THE WORD "martyr" has come to be associated with images of planes flying into buildings and cars bursting into flames. A word for fanatical suicide bombers.
But the word itself has been hijacked. It started out as the Greek word martys which means "witness" - someone who testifies in court.
The first Christians adapted it to mean someone who "testified" that Jesus was alive and was their master. They often paid a high price for that testimony. Some paid with their lives. And so the word martyr came to describe those who paid for their faith with their life.
But these martyrs couldn't have been more different from suicide bombers who die for hate and vengeance.
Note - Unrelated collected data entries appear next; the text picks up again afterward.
(* Let $\Upsilon$ be a tree and let $\|\cdot\|$ be an equivalent norm on $C_0(\Upsilon)$ with the Kadec property. Then the associated function $\mu:\Upsilon\to\mathbb{R}$, $\mu(t)=\inf\{\|\mathbf{1}_{(0,t]}+f'\|: f'\in C_0(\Upsilon),\ \operatorname{supp}f'\subseteq(t,\infty)\}$, has no bad points.
   Context: A tree is a partially ordered set $(\Upsilon,\preceq)$ such that for each $t$ the set $(0,t]=\{s:s\preceq t\}$ is well-ordered; write $(0,t)=\{s:s\prec t\}$, $(t,\infty)=\{u:t\prec u\}$, and let $r(t)$ be the order type of $(0,t)$. Trees are assumed Hausdorff: if $r(t)$ is a limit ordinal and $(0,t)=(0,t')$ then $t=t'$. $\Upsilon$ carries the coarsest topology in which every $(0,t]$ is open and closed, and $C_0(\Upsilon)$ is the space of continuous $f:\Upsilon\to\mathbb{R}$ with $\{|f|\ge\epsilon\}$ compact for every $\epsilon>0$, with the supremum norm; $\mathbf{1}_{(0,t]}$ is the indicator function and $\operatorname{supp}f=\{s:f(s)\ne0\}$. The set $t^+$ of immediate successors of $t$ consists of those $u$ with $(0,u)=(0,t]$. The function $\mu$ is increasing. For an increasing $\rho$, $t$ is good for $\rho$ if there is a finite $F\subseteq t^+$ with $\inf_{u\in t^+\setminus F}\rho(u)>\rho(t)$ (infimum over the empty set $=+\infty$); otherwise bad. A norm has the Kadec property if the weak and norm topologies coincide on its unit sphere. *)

From Stdlib Require Lists.List.
From HB Require Import structures.
From mathcomp Require Import all_boot all_order all_algebra.
From mathcomp Require Import all_classical all_reals.
From mathcomp Require Import ereal topology normedtype numfun.
Set Implicit Arguments. Unset Strict Implicit. Unset Printing Implicit Defensive.
Import Order.TTheory GRing.Theory Num.Theory.
Import numFieldNormedType.Exports.
Local Open Scope classical_set_scope.
Local Open Scope ring_scope.

Section TreeDefs.
Variable T : Type.
Variable le : T -> T -> Prop.

Definition tlt (s t : T) : Prop := le s t /\ s <> t.

Definition down (t : T) : set T := [set s | le s t].

(* "r(t) is a (nonzero) limit ordinal": (0,t) is nonempty and has no largest element *)
Definition limit_point (t : T) : Prop :=
  (exists s, tlt s t) /\ (forall s, tlt s t -> exists s', tlt s s' /\ tlt s' t).

Definition is_tree : Prop :=
  [/\ (forall t, le t t),
      (forall s t, le s t -> le t s -> s = t),
      (forall r s t, le r s -> le s t -> le r t),
      (forall (t : T) (A : set T), A `<=` down t -> A !=set0 ->
          exists m, A m /\ forall a, A a -> le m a)
    & (forall t t', limit_point t -> (forall s, tlt s t <-> tlt s t') -> t = t')].

Definition tree_subbasic (A : set T) : Prop :=
  exists t, A = down t \/ A = ~` down t.

(* open sets of the coarsest topology making every (0,t] clopen *)
Definition tree_open (U : set T) : Prop :=
  forall x, U x -> exists l : seq (set T),
    [/\ Stdlib.Lists.List.Forall tree_subbasic l,
        (forall A, Stdlib.Lists.List.In A l -> A x)
      & (forall y, (forall A, Stdlib.Lists.List.In A l -> A y) -> U y)].

Definition tree_compact (K : set T) : Prop :=
  forall C : set (set T), (forall U, C U -> tree_open U) ->
    K `<=` \bigcup_(U in C) U ->
    exists F : seq (set T), (forall U, Stdlib.Lists.List.In U F -> C U) /\
      K `<=` [set x | exists U, Stdlib.Lists.List.In U F /\ U x].

Variable R : realType.

Definition tree_continuous (f : T -> R) : Prop :=
  forall V : set R, open V -> tree_open (f @^-1` V).

Definition C0 (f : T -> R) : Prop :=
  tree_continuous f /\ forall e : R, 0 < e -> tree_compact [set x | e <= `|f x|].

Definition supnorm (f : T -> R) : R := sup (range (fun x => `|f x|)).

Definition equiv_norm (N : (T -> R) -> R) : Prop :=
  [/\ (forall f, C0 f -> 0 <= N f),
      (forall f, C0 f -> N f = 0 -> forall x, f x = 0),
      (forall (a : R) f, C0 f -> N (fun x => a * f x) = `|a| * N f),
      (forall f g, C0 f -> C0 g -> N (fun x => f x + g x) <= N f + N g)
    & (exists c C : R, [/\ 0 < c, 0 < C &
         forall f, C0 f -> c * supnorm f <= N f /\ N f <= C * supnorm f])].

Definition cont_lin_functional (N : (T -> R) -> R) (phi : (T -> R) -> R) : Prop :=
  (forall (a b : R) f g, C0 f -> C0 g ->
     phi (fun x => a * f x + b * g x) = a * phi f + b * phi g) /\
  (exists M : R, forall f, C0 f -> `|phi f| <= M * N f).

(* weakly open subsets of C_0(Upsilon) (values outside C_0 are irrelevant) *)
Definition weak_open (N : (T -> R) -> R) (U : set (T -> R)) : Prop :=
  forall f, C0 f -> U f -> exists (l : seq ((T -> R) -> R)) (d : R),
    [/\ 0 < d, Stdlib.Lists.List.Forall (cont_lin_functional N) l &
      forall g, C0 g -> (forall phi, Stdlib.Lists.List.In phi l -> `|phi g - phi f| < d) -> U g].

Definition norm_open (N : (T -> R) -> R) (U : set (T -> R)) : Prop :=
  forall f, C0 f -> U f -> exists d : R, 0 < d /\
    forall g, C0 g -> N (fun x => g x - f x) < d -> U g.

Definition unit_sphere (N : (T -> R) -> R) : set (T -> R) :=
  [set f | C0 f /\ N f = 1].

Definition kadec (N : (T -> R) -> R) : Prop :=
  forall A : set (T -> R),
    (exists U, weak_open N U /\ A = U `&` unit_sphere N) <->
    (exists V, norm_open N V /\ A = V `&` unit_sphere N).

Definition mu (N : (T -> R) -> R) (t : T) : R :=
  inf [set N (fun s => \1_(down t) s + f s) | f in
        [set f | C0 f /\ forall s, f s <> 0 -> tlt t s]].

Definition succs (t : T) : set T := [set u | forall s, tlt s u <-> le s t].

(* t is good for rho (inf over the empty set = +oo) *)
Definition good (rho : T -> R) (t : T) : Prop :=
  exists F : set T, [/\ finite_set F, F `<=` succs t &
    ((rho t)%:E < ereal_inf [set (rho u)%:E | u in succs t `\` F])%E].

Definition bad (rho : T -> R) (t : T) : Prop := ~ good rho t.

End TreeDefs.

(* Suppose mu is bad at t and let m = mu(t).  Badness yields infinitely many immediate
   successors u_n of t and functions z_n = 1_(0,u_n] + h_n, with h_n supported above u_n,
   such that N(z_n) -> m.  The perturbations p_n = z_n - 1_(0,t] are uniformly bounded and
   have pairwise disjoint supports [u_n, oo).  Averaging z_n over many indices gives
   N(1_(0,t]) <= m, hence N(1_(0,t]) = m > 0.  For a bounded functional phi, signed sums of
   the p_n have bounded supremum norm, so sum_n |phi(p_n)| < oo and phi(p_n) -> 0; thus
   z_n / N(z_n) -> 1_(0,t] / m weakly, on the unit sphere.  By the Kadec property the
   convergence would be in norm, but the two functions differ by 1/N(z_n) at u_n. *)
From Pilot Require Import Defs.
From mathcomp Require Import all_boot all_order all_algebra.
From mathcomp Require Import all_classical all_reals.
From mathcomp Require Import ereal topology normedtype numfun sequences.
From mathcomp Require Import ring lra.
From Stdlib Require Import Classical.
From Stdlib Require Lists.List.
Set Implicit Arguments. Unset Strict Implicit. Unset Printing Implicit Defensive.
Import Order.TTheory GRing.Theory Num.Theory.
Import numFieldNormedType.Exports.
Local Open Scope classical_set_scope.
Local Open Scope ring_scope.
Import List (In, Forall).

Section TreeOrder.
Variables (T : Type) (le : T -> T -> Prop).
Hypothesis tree : is_tree le.
Local Notation tl := (tlt le).
Local Notation down := (Defs.down le).

Lemma tree_refl x : le x x.
Proof. by case: tree. Qed.

Lemma tree_antisym x y : le x y -> le y x -> x = y.
Proof. by case: tree => _ h _ _ _; apply: h. Qed.

Lemma tree_trans x y z : le x y -> le y z -> le x z.
Proof. by case: tree => _ _ h _ _; apply: h. Qed.

Lemma tree_min x (A : set T) : A `<=` down x -> A !=set0 ->
  exists m, A m /\ forall a, A a -> le m a.
Proof. by case: tree => _ _ _ h _; apply: h. Qed.

Lemma tree_le_total x a b : le a x -> le b x -> le a b \/ le b a.
Proof.
move=> ax bx.
have [m [[->|->] min_m]] : exists m, (m = a \/ m = b) /\ forall c, c = a \/ c = b -> le m c.
- by apply: (@tree_min x) => [z [->|->]|] //; exists a; left.
- by left; apply: min_m; right.
- by right; apply: min_m; left.
Qed.

Lemma succs_gt t u : succs le t u -> tl t u.
Proof. by move=> /(_ t) [_]; apply; apply: tree_refl. Qed.

Lemma succs_le_eq t u v : succs le t u -> succs le t v -> le u v -> u = v.
Proof.
move=> su sv uv; apply: NNPP => nuv.
have [tu ntu] := succs_gt su.
by apply: ntu; apply: tree_antisym tu _; apply/(sv u).
Qed.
The first ever Christian martyr was a man called Stephen. Surrounded by murderers throwing rocks at him, Stephen died with these words on his lips: "Lord, don't blame them for what they have done". He died loving.
He was following in Jesus' footsteps. As soldiers were nailing Jesus to a cross, He prayed: "Father, forgive these people! They don't know what they're doing." Jesus died forgiving.
In fact, the death of Jesus was one great big, cosmic act of forgiveness. God Himself soaked up human evil on that day and exhausted its power. That's worth living - and dying - for.